I sugest you to create now a new graph but this time including the
title in the chart. The title would be “Memory vs Processor Usage as
function of the Malaware state”.
# We print the original plot (gg), adding the string title we want by inserting it using the ggplot2 function ggtitle()
print(gg + ggtitle("Memory vs Processor Usage as function of the Malware state"))

We print the original plot (gg), adding the string title we want by
inserting it using the ggplot2 function ggtitle()
set.seed(1492)
# count how many in the overall sample
n <- nrow(mydata1)
# set the test.size to be 1/3rd
test.size <- as.integer(n/3)
# randomly sample the rows for test set
testset <- sample(n, test.size)
# now split the data into test and train
test <- mydata1[testset, ]
train <- mydata1[-testset, ]
# pull out proc and mem columns for infected then normal
# then use colMeans() to means of the columns
inf <- colMeans(train[train$state=="Infected", c("proc", "mem")])
nrm <- colMeans(train[train$state=="Normal", c("proc", "mem")])

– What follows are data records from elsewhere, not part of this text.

Definition hs_partial (rho : Z -> Z -> Cplx) (N : nat) : R :=
  sumZ N (fun m => sumZ N (fun n => Cnorm2 (rho m n))).

Definition is_l2ZZ (rho : Z -> Z -> Cplx) : Prop :=
  exists M, forall N, hs_partial rho N <= M.

Definition l2ZZ_norm (rho : Z -> Z -> Cplx) : R := sqrt (Rlim (hs_partial rho)).

Definition T_L2norm (g : Cplx) (rho : Z -> Z -> Cplx) : R :=
  sqrt (Rlim (fun L => sumZ L (fun l =>
     Rint (fun theta => Cnorm2 (Tmap g rho l theta)) (- PI) PI))).

(* Test the inequality ||rho|| <= C ||T rho|| on the matrix units
   rho_K = E_{0,K}, which all have Hilbert-Schmidt norm 1.  Since
   rho_K is a single entry, (T rho_K)(l, theta) = U_{l,0} conj(U_{l,K}), so
   |T rho_K (l, theta)|^2 = J_l(2|g|)^2 J_{l-K}(2|g|)^2 independently of theta.
   The Bessel functions decay (at least) geometrically in the order,
   |J_n(x)| <= C_x 2^{-|n|}, so the product is bounded by C^4 2^{-K} 2^{-|l|}
   and ||T rho_K||^2 <= 6 pi C^4 2^{-K} tends to 0, contradicting the
   inequality for K large. *)
From Stdlib Require Import Reals Lra Lia List ZArith FunctionalExtensionality ClassicalEpsilon.
Open Scope R_scope.

Lemma Rlim_eventually_const (u : nat -> R) (c : R) (N0 : nat) :
  (forall N, (N0 <= N)%nat -> u N = c) -> Rlim u = c.
Proof.
  intros H.
  assert (Hc : Un_cv u c).
  { intros eps He. exists N0. intros n Hn. rewrite H by lia.
    unfold R_dist. rewrite Rminus_diag, Rabs_R0. lra. }
  unfold Rlim. destruct excluded_middle_informative as [Hx|Hx].
  - destruct (constructive_indefinite_description _ Hx) as [l Hl]. simpl.
    exact (UL_sequence u l c Hl Hc).
  - exfalso. apply Hx. exists c. exact Hc.
Qed.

We create two variables storing the mean value for all the “infected”
and “normal” states from the train data that we split earlier.
print(inf)
proc mem
0.9354513 1.0868010
print(nrm)
proc mem
-0.7907962 -0.9352974
By using the colMens function we are able to see the mean of the
“infected” and “normal” states for the Processor(proc) and memory (mem)
fields in the train data.
predict.malware <- function(data) {
# get 'proc' and 'mem' as numeric values
proc <- as.numeric(data[['proc']])
mem <- as.numeric(data[['mem']])
# set up infected comparison
inf.a <- inf['proc'] - proc
inf.b <- inf['mem'] - mem
# pythagorean distance c = sqrt(a^2 + b^2)

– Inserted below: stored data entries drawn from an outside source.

Lemma dotC u v : dot u v = dot v u.
Proof. by rewrite !dotE; ring. Qed.

Lemma dotZr u v a : dot u (a *: v) = a * dot u v.
Proof. by rewrite !dotE !mxE; ring. Qed.

Lemma dotDr u v w : dot u (v + w) = dot u v + dot u w.
Proof. by rewrite !dotE !mxE; ring. Qed.

Lemma dot_delta u j : dot (delta_mx 0 j) u = u 0 j.
Proof. by rewrite /dot -rowE !mxE. Qed.

Definition cross u v : 'rV[F]_3 :=
  row3 (u 0 1 * v 0 2%:R - u 0 2%:R * v 0 1)
       (u 0 2%:R * v 0 0 - u 0 0 * v 0 2%:R)
       (u 0 0 * v 0 1 - u 0 1 * v 0 0).

Lemma dot_crossl u v : dot u (cross u v) = 0.
Proof. by rewrite dotE !mxE /=; ring. Qed.

Lemma dot_crossr u v : dot v (cross u v) = 0.
Proof. by rewrite dotE !mxE /=; ring. Qed.

Lemma crossC u v : cross u v = - cross v u.
Proof. by apply: eq_row3; rewrite !mxE /=; ring. Qed.

Lemma cross_lin u v w a b :
  cross u (a *: v + b *: w) = a *: cross u v + b *: cross u w.
Proof. by apply: eq_row3; rewrite !mxE /=; ring. Qed.

Lemma cross_cross u v w : cross u (cross v w) = dot u w *: v - dot u v *: w.
Proof. by apply: eq_row3; rewrite !dotE !mxE /=; ring. Qed.

Lemma row_neq0P u : reflect (exists j, u 0 j != 0) (u != 0).
Proof.
apply: (iffP idP) => [u_neq0 | [j]]; last by apply: contraNneq => ->; rewrite mxE.
apply/existsP; apply: contraNT u_neq0; rewrite negb_exists => /forallP u0.
by apply/eqP/rowP => j; rewrite mxE; apply/eqP; rewrite -[_ == _]negbK u0.
Qed.

Lemma cross_eq0 u v : v != 0 -> cross u v = 0 -> exists a, u = a *: v.
Proof.
case/row_neq0P=> j vj_neq0 uv0; exists ((v 0 j)^-1 * dot (delta_mx 0 j) u).
have : cross (delta_mx 0 j) (cross u v) = 0.
  by rewrite uv0; apply: eq_row3; rewrite !mxE /=; ring.
rewrite cross_cross dot_delta => /eqP; rewrite subr_eq0 => /eqP uv.
by rewrite -scalerA -uv scalerA mulVf ?scale1r.
Qed.
End Vectors.

Section Normalization.
Variable F : fieldType.
Implicit Types (u v w : 'rV[F]_3) (a b : F).

Definition lead3 v : F :=
  if v 0 0 != 0 then v 0 0 else if v 0 1 != 0 then v 0 1 else v 0 2%:R.

Lemma normalizedE v : normalized v = (lead3 v == 1).
Proof.
rewrite /normalized /lead3.
by have [->|v0] := eqVneq (v 0 0) 0; have [->|v1] := eqVneq (v 0 1) 0;
  rewrite /= ?eqxx ?(eq_sym 0) ?oner_eq0 ?orbF.
Qed.

Lemma lead3Z a v : lead3 (a *: v) = a * lead3 v.
Proof.
have [->|a_neq0] := eqVneq a 0; first by rewrite /lead3 !mxE !mul0r !eqxx.
rewrite /lead3 !mxE !mulf_eq0 (negbTE a_neq0) /=.
by case: (v 0 0 != 0); case: (v 0 1 != 0).
Qed.

Lemma lead3_eq0 v : (lead3 v == 0) = (v == 0).
Proof.
apply/idP/idP => [|/eqP->]; last by rewrite /lead3 !mxE eqxx.
rewrite /lead3; case: ifPn => [/negbTE-> //|/negPn/eqP v0].
case: ifPn => [/negbTE-> //|/negPn/eqP v1 /eqP v2].
by apply/eqP/eq_row3; rewrite ?v0 ?v1 ?v2 mxE.
Qed.

Lemma normalized_scale_uniq u v w a b : normalized u -> normalized v ->
  u = a *: w -> v = b *: w -> u = v.
Proof.
rewrite !normalizedE => /eqP lu1 /eqP lv1 uw vw.
have w_neq0 : lead3 w != 0.
  by apply: contra_eq_neq lu1 => w0; rewrite uw lead3Z w0 mulr0 eq_sym oner_eq0.
have: a * lead3 w = b * lead3 w by rewrite -!lead3Z -uw -vw lu1 lv1.
by move/(mulIf w_neq0); rewrite uw vw => ->.
Qed.

Lemma exists_point v : v != 0 ->
  exists p : proj_point F, exists2 c, c != 0 & val p = c *: v.
Proof.
rewrite -lead3_eq0 => l_neq0.
have nv : normalized ((lead3 v)^-1 *: v) by rewrite normalizedE lead3Z mulVf.
by exists (exist (fun v => normalized v) _ nv), (lead3 v)^-1; rewrite ?invr_eq0.
Qed.

End Normalization.

Section LineConic.
Variable F : closedFieldType.

Lemma binary_form_isotropic (a b c : F) : exists s t : F,
  ((s != 0) || (t != 0)) /\ a * s ^+ 2 + b * s * t + c * t ^+ 2 = 0.
Proof.
have [->|a_neq0] := eqVneq a 0.
  by exists 1, 0; rewrite oner_neq0; split => //; ring.
have [x] := @GRing.solve_monicpoly F 2 (nth 0 [:: - c / a; - b / a]) isT.
rewrite !big_ord_recl big_ord0 /= => x2.
exists x, 1; rewrite oner_neq0 orbT; split => //.
by rewrite x2; field.
Qed.

Lemma bilin_pencil (u v : 'rV[F]_3) (M : 'M[F]_3) s t :
  bilin (s *: u + t *: v) M (s *: u + t *: v) =
  bilin u M u * s ^+ 2 + (bilin u M v + bilin v M u) * s * t + bilin v M v * t ^+ 2.
Proof.
rewrite /bilin linearD !linearZ /= !mulmxDl !mulmxDr -!scalemxAl -!scalemxAr.
by rewrite !mxE; ring.
Qed.

Lemma line_meets_conic (l : 'rV[F]_3) (M : 'M[F]_3) : l != 0 ->
  exists u, [/\ u != 0, dot l u = 0 & bilin u M u = 0].
Proof.
move=> l_neq0; have [j lj_neq0] := row_neq0P _ l_neq0.
(* Crossing [l] with the two unit vectors other than [e_j] gives a basis of
   the plane [dot l _ = 0], since [l_j != 0]. *)
pose e a : 'rV[F]_3 := delta_mx 0 (lift j a).
pose A := cross l (e 0); pose B := cross l (e 1).
have [s [t [st_neq0 q0]]] :=
  binary_form_isotropic (bilin A M A) (bilin A M B + bilin B M A) (bilin B M B).
exists (s *: A + t *: B); split.
- rewrite -cross_lin; apply: contraTneq st_neq0 => /eqP.
  rewrite crossC oppr_eq0 => /eqP /(cross_eq0 l_neq0) [c st_l].
  have coord x := congr1 (fun w : 'rV[F]_3 => w 0 x) st_l.
  have c0 : c = 0.
    move: (coord j); rewrite !mxE /= !(negbTE (neq_lift _ _)) !mulr0 addr0.
    by move/esym/eqP; rewrite mulf_eq0 (negbTE lj_neq0) orbF => /eqP.
  move: (coord (lift j 0)) (coord (lift j 1)).
  rewrite c0 !mxE !eqxx !(inj_eq (@lift_inj _ j)) /= !mulr0 !mulr1 !mul0r.
  by rewrite addr0 add0r => -> ->; rewrite eqxx.
- by rewrite dotDr !dotZr !dot_crossl !mulr0 addr0.
- by rewrite bilin_pencil.
Qed.

End LineConic.

Section Arrangement.
Variables (F : fieldType) (n k : nat).
Variables (L : 'I_n -> 'rV[F]_3) (Q : 'I_k -> 'M[F]_3).
Local Notation on := (on_curve L Q).

Definition incident (c : curve_idx n k) (v : 'rV[F]_3) : bool :=
  match c with
  | inl i => dot (L i) v == 0
  | inr j => bilin v (Q j) v == 0
  end.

inf.dist <- sqrt(inf.a^2 + inf.b^2)
# repeat for normal systems
nrm.a <- nrm['proc'] - proc
nrm.b <- nrm['mem'] - mem
nrm.dist <- sqrt(nrm.a^2 + nrm.b^2)
# assign a label of the closest (smallest)
ifelse(inf.dist<nrm.dist,"Infected", "Normal")
}
# could test with these if you uncomment them
# predict.malware(inf['proc'], inf['mem'])
# expect "Infected"
# predict.malware(nrm['proc'], nrm['mem'])
# expect "Normal"
We create a function called predict.malware to do exactly that, by
finding the shortest distance from all point in the train data. Very
interesting algorithms we use above to find the pythagorean distance
forbetween the processor and memory values for the infected and normal
states.
prediction <- apply(test, 1, predict.malware)
sum(test$state==prediction)/nrow(test)
[1] 0.902439
Above is our predictions accuracy which is considerably good at
90%
Lets make a slope and intercept so we can add an diagnal line on the
chart so we can better visualize the divide of states.
# Figure 9-2 #########################################################
slope <- -1*(1/((inf['mem']-nrm['mem'])/(inf['proc']-nrm['proc'])))
intercept <- mean(c(inf['mem'], nrm['mem'])) - (slope*mean(c(inf['proc'], nrm['proc'])))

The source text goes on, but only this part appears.